▸ Exercise
Report each line of the records below that holds the word "nodes".

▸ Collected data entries

(* Let $P,K:\mathbb{N}_0\to\mathbb{N}_0$ be a scaling with $\lim_{n\to\infty}K_n^2/P_n=0$, and let $p:\mathbb{N}_0\to[0,1]$ satisfy $p_n\sim 1-q(\theta_n)$. Then $$\frac{\mathbb{E}[T_n(\theta_n)]}{\mathbb{E}[T_n(p_n)]}\sim 1+\frac{P_n}{K_n^3}.$$
   Context: Random key graph: for positive integers $K\le P$, $\theta=(K,P)$ and $n\ge3$, each of $n$ nodes receives independently a uniformly random $K$-element subset of $\{1,\dots,P\}$; distinct nodes are adjacent iff their subsets intersect; $T_n(\theta)$ is the number of triangles in this graph. $q(\theta)=\binom{P-K}{K}/\binom{P}{K}$ if $2K\le P$ and $0$ otherwise. $T_n(p)$ is the number of triangles in the Erdős–Rényi graph $\mathbb{G}(n;p)$ (each edge present independently with probability $p$), so $\mathbb{E}[T_n(p)]=\binom n3 p^3$. A scaling is a pair $P,K:\mathbb{N}_0\to\mathbb{N}_0$ with $1\le K_n\le P_n$, and $\theta_n=(K_n,P_n)$; $a_n\sim b_n$ means $a_n/b_n\to1$. *)

From Stdlib Require Import Reals.
From mathcomp Require Import all_boot.

Set Implicit Arguments.
Unset Strict Implicit.
Unset Printing Implicit Defensive.

(* The key pool {1,...,P} is represented by 'I_P, the nodes by 'I_n.
   A key assignment gives each node a subset of the pool; the uniform
   random K-subset model is the uniform distribution on the assignments
   in which every ring has exactly K elements (independence across nodes
   is the product structure of this set of functions). *)
Definition keyrings (n K P : nat) : {set {ffun 'I_n -> {set 'I_P}}} :=
  [set f : {ffun 'I_n -> {set 'I_P}} | [forall i, #|f i| == K]].

Definition triangles (n P : nat) (f : {ffun 'I_n -> {set 'I_P}}) : nat :=
  #|[set T : {set 'I_n} | (#|T| == 3) &&
      [forall i in T, forall j in T, (i != j) ==> (f i :&: f j != set0)]]|.

Definition sum_triangles (n K P : nat) : nat :=
  \sum_(f in keyrings n K P) triangles f.

Local Open Scope R_scope.

(* E[T_n(theta)] for theta = (K,P): average of the triangle count over
   the uniform distribution on key assignments. *)
Definition ET_key (n K P : nat) : R :=
  INR (sum_triangles n K P) / INR #|keyrings n K P|.

Definition ET_er (n : nat) (p : R) : R := INR 'C(n, 3) * p ^ 3.

Definition q (K P : nat) : R :=
  if (2 * K <= P)%N then INR 'C(P - K, K) / INR 'C(P, K) else 0.

(** The probability that three fixed nodes form a triangle is the probability
    [t] that three independent uniform [K]-subsets of a [P]-set pairwise meet.
    By the union bound over a common key or a "cyclic" configuration of three
    distinct keys, [t <= P r^3 + P^3 r^6] with [r = K/P]; a Bonferroni argument
    shows that this is sharp up to a factor [1 - O(K^2/P)].  Similarly
    [1 - q = K^2/P (1 + O(K^2/P))].  Hence [E T_n(theta)/E T_n(p_n) = t/p_n^3]
    and [t/(1-q)^3 = (P r^3 + P^3 r^6)(P/K^2)^3 (1 + o(1)) = (1 + P/K^3)(1 + o(1))]. *)
From Stdlib Require Import Reals Lra Psatz.
From mathcomp Require Import all_boot zify.

Set Implicit Arguments.
Unset Strict Implicit.
Unset Printing Implicit Defensive.

Lemma sum_nat_pred (T : finType) (a : pred T) : \sum_(z : T) (a z : nat) = #|[set z | a z]|.
Proof. by rewrite -sum1dep_card [RHS]big_mkcond /=; apply: eq_bigr => z _; case: (a z). Qed.

Lemma leq_sum_term (I : finType) (F : I -> nat) i : F i <= \sum_(j : I) F j.
Proof. by rewrite (bigD1 i) //= leq_addr. Qed.

Lemma sum_ord_const P c : \sum_(x : 'I_P) c = P * c.
Proof. by rewrite sum_nat_const card_ord. Qed.

Lemma subset2 (T : finType) (x y : T) (A : {set T}) :
  ([set x; y] \subset A) = (x \in A) && (y \in A).
Proof. by rewrite subUset !sub1set. Qed.

Lemma subset3 (T : finType) (x y z : T) (A : {set T}) :
  ([set x; y; z] \subset A) = [&& x \in A, y \in A & z \in A].
Proof. by rewrite !subUset !sub1set andbA. Qed.

Lemma cards3 (T : finType) (a b c : T) :
  a != b -> b != c -> a != c -> #|[set a; b; c]| = 3.
Proof.
move=> ab bc ac; rewrite setUC cardsU1 cards2 ab !inE negb_or.
by rewrite eq_sym ac eq_sym bc.
Qed.

Lemma card_ordered_pairs (T : finType) (E : {set T}) :
  \sum_(x : T) \sum_(y : T) ((x != y) && ([set x; y] \subset E) : nat)
  = #|E| * (#|E| - 1).
Proof.
transitivity (\sum_(x : T) ((x \in E) : nat) * (#|E| - 1)).
  apply: eq_bigr => x _; case xE: (x \in E); last first.
    by rewrite mul0n big1 // => y _; rewrite subset2 xE andbF.
  rewrite mul1n sum_nat_pred (cardsD1 x E) xE add1n subSS subn0.
  by apply: eq_card => y; rewrite !inE subset2 xE eq_sym.
by rewrite -big_distrl /= sum_nat_pred; congr (_ * _); apply: eq_card => x; rewrite inE.
Qed.

(* Second Bonferroni inequality, in the weak form m <= [m > 0] + m (m - 1). *)
Lemma card_le_nonempty_pairs (T : finType) (E : {set T}) :
  #|E| <= (E != set0) + \sum_(x : T) \sum_(y : T) ((x != y) && ([set x; y] \subset E) : nat).
Proof. by rewrite card_ordered_pairs -card_gt0; case: #|E| => //= m; nia. Qed.

Section KeyringCounting.
Variables P K : nat.
Local Notation X := {set 'I_P}.

Definition keyring (A : X) := #|A| == K.

Definition nsupsets s := if s <= K then 'C(P - s, K - s) else 0.

Lemma card_keyring : #|[set A : X | keyring A]| = 'C(P, K).
Proof. by rewrite card_draws card_ord. Qed.

Lemma card_keyring_supsets (U : X) :
  #|U| <= K -> #|[set A : X | keyring A && (U \subset A)]| = 'C(P - #|U|, K - #|U|).
Proof.
move=> hU.
have -> : [set A : X | keyring A && (U \subset A)] =
   (fun B => B :|: U) @: [set B : X | B \subset ~: U & #|B| == K - #|U|].
  apply/setP=> A; rewrite inE /keyring; apply/andP/imsetP.
    move=> [/eqP hA hUA]; exists (A :\: U); last first.
      by rewrite setUC -{1}(setIidPr hUA) setID.
    by rewrite inE subsetDr cardsD (setIidPr hUA) hA /=.
  move=> [B]; rewrite inE => /andP[hB /eqP hcB] ->; split; last exact: subsetUr.
  have /disjoint_setI0 BU0 : [disjoint B & U] by rewrite disjoints_subset.
  by rewrite cardsU BU0 hcB cards0 subn0 subnK.
rewrite card_in_imset ?cards_draws; first by rewrite cardsCs setCK card_ord.
move=> B1 B2; rewrite !inE => /andP[h1 _] /andP[h2 _] e.
have dj (B : X) : B \subset ~: U -> (B :|: U) :\: U = B.
  by move=> hB; rewrite setDUl setDv setU0; apply/setDidPl; rewrite disjoints_subset.
by rewrite -(dj _ h1) e dj.
Qed.

Lemma sum_keyring_supsets (U : X) :
  \sum_(A | keyring A) (U \subset A : nat) = nsupsets #|U|.
Proof.
rewrite -big_mkcondr /= sum1dep_card /nsupsets; case: ifP => hU.
  by rewrite -card_keyring_supsets.
apply/eqP; rewrite cards_eq0; apply/eqP/setP=> A; rewrite !inE /keyring.
by apply/negP=> /andP[/eqP hA /subset_leq_card]; rewrite hA hU.
Qed.

Lemma nsupsets_ffact s : K <= P -> nsupsets s * P ^_ s = 'C(P, K) * K ^_ s.
Proof.
move=> hKP; rewrite /nsupsets; case: ifP => hs; last by rewrite [K ^_ s]ffact_small ?muln0 //; lia.
have f1 := bin_fact hKP.
have f2 : 'C(P - s, K - s) * ((K - s)`! * (P - K)`!) = (P - s)`!.
  by rewrite -(_ : (P - s) - (K - s) = P - K); [apply: bin_fact|]; lia.
have f3 := ffact_fact hs; have f4 : P ^_ s * (P - s)`! = P`! by apply: ffact_fact; lia.
apply/eqP; rewrite -(eqn_pmul2r (fact_gt0 (K - s))) -(eqn_pmul2r (fact_gt0 (P - K))).
by apply/eqP; transitivity P`!; [rewrite -f4 -f2 | rewrite -f1 -f3]; nia.
Qed.

End KeyringCounting.

Section PairwiseMeetingTriples.
Variable P : nat.
Local Notation X := {set 'I_P}.
Implicit Types (A B C : X) (x y z w : 'I_P).

Definition pairwise_meet A B C := [&& A :&: B != set0, B :&: C != set0 & C :&: A != set0].
Definition distinct3 x y z := [&& x != y, y != z & x != z].
Definition distinct4 x y z w := distinct3 x y z && (w \notin [set x; y; z]).

(** [x], [y], [z] witness [A :&: B], [B :&: C], [C :&: A] respectively. *)
Definition cycle_config x y z A B C :=
  ([set x; z] \subset A : nat) * ([set x; y] \subset B : nat) * ([set y; z] \subset C : nat).

Definition ncommon A B C :=
  \sum_x (([set x] \subset A : nat) * ([set x] \subset B : nat) * ([set x] \subset C : nat)).
Definition ncycles A B C := \sum_x \sum_y \sum_z (distinct3 x y z * cycle_config x y z A B C).
Definition ncommon_pairs A B C := \sum_x \sum_y ((x != y) : nat) *
  (([set x; y] \subset A : nat) * ([set x; y] \subset B : nat) * ([set x; y] \subset C : nat)).

Definition unique_cycle x y z A B C := distinct3 x y z * ((A :&: B == [set x]) : nat) *
  ((B :&: C == [set y]) : nat) * ((C :&: A == [set z]) : nat).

▸ Task response
   Context: Random key graph: for positive integers $K\le P$, $\theta=(K,P)$ and $n\ge3$, each of $n$ nodes receives independently a uniformly random $K$-element subset of $\{1,\dots,P\}$; distinct nodes are adjacent iff their subsets intersect; $T_n(\theta)$ is the number of triangles in this graph. $q(\theta)=\binom{P-K}{K}/\binom{P}{K}$ if $2K\le P$ and $0$ otherwise. $T_n(p)$ is the number of triangles in the Erdős–Rényi graph $\mathbb{G}(n;p)$ (each edge present independently with probability $p$), so $\mathbb{E}[T_n(p)]=\binom n3 p^3$. A scaling is a pair $P,K:\mathbb{N}_0\to\mathbb{N}_0$ with $1\le K_n\le P_n$, and $\theta_n=(K_n,P_n)$; $a_n\sim b_n$ means $a_n/b_n\to1$. *)
(* The key pool {1,...,P} is represented by 'I_P, the nodes by 'I_n.
   in which every ring has exactly K elements (independence across nodes
(** The probability that three fixed nodes form a triangle is the probability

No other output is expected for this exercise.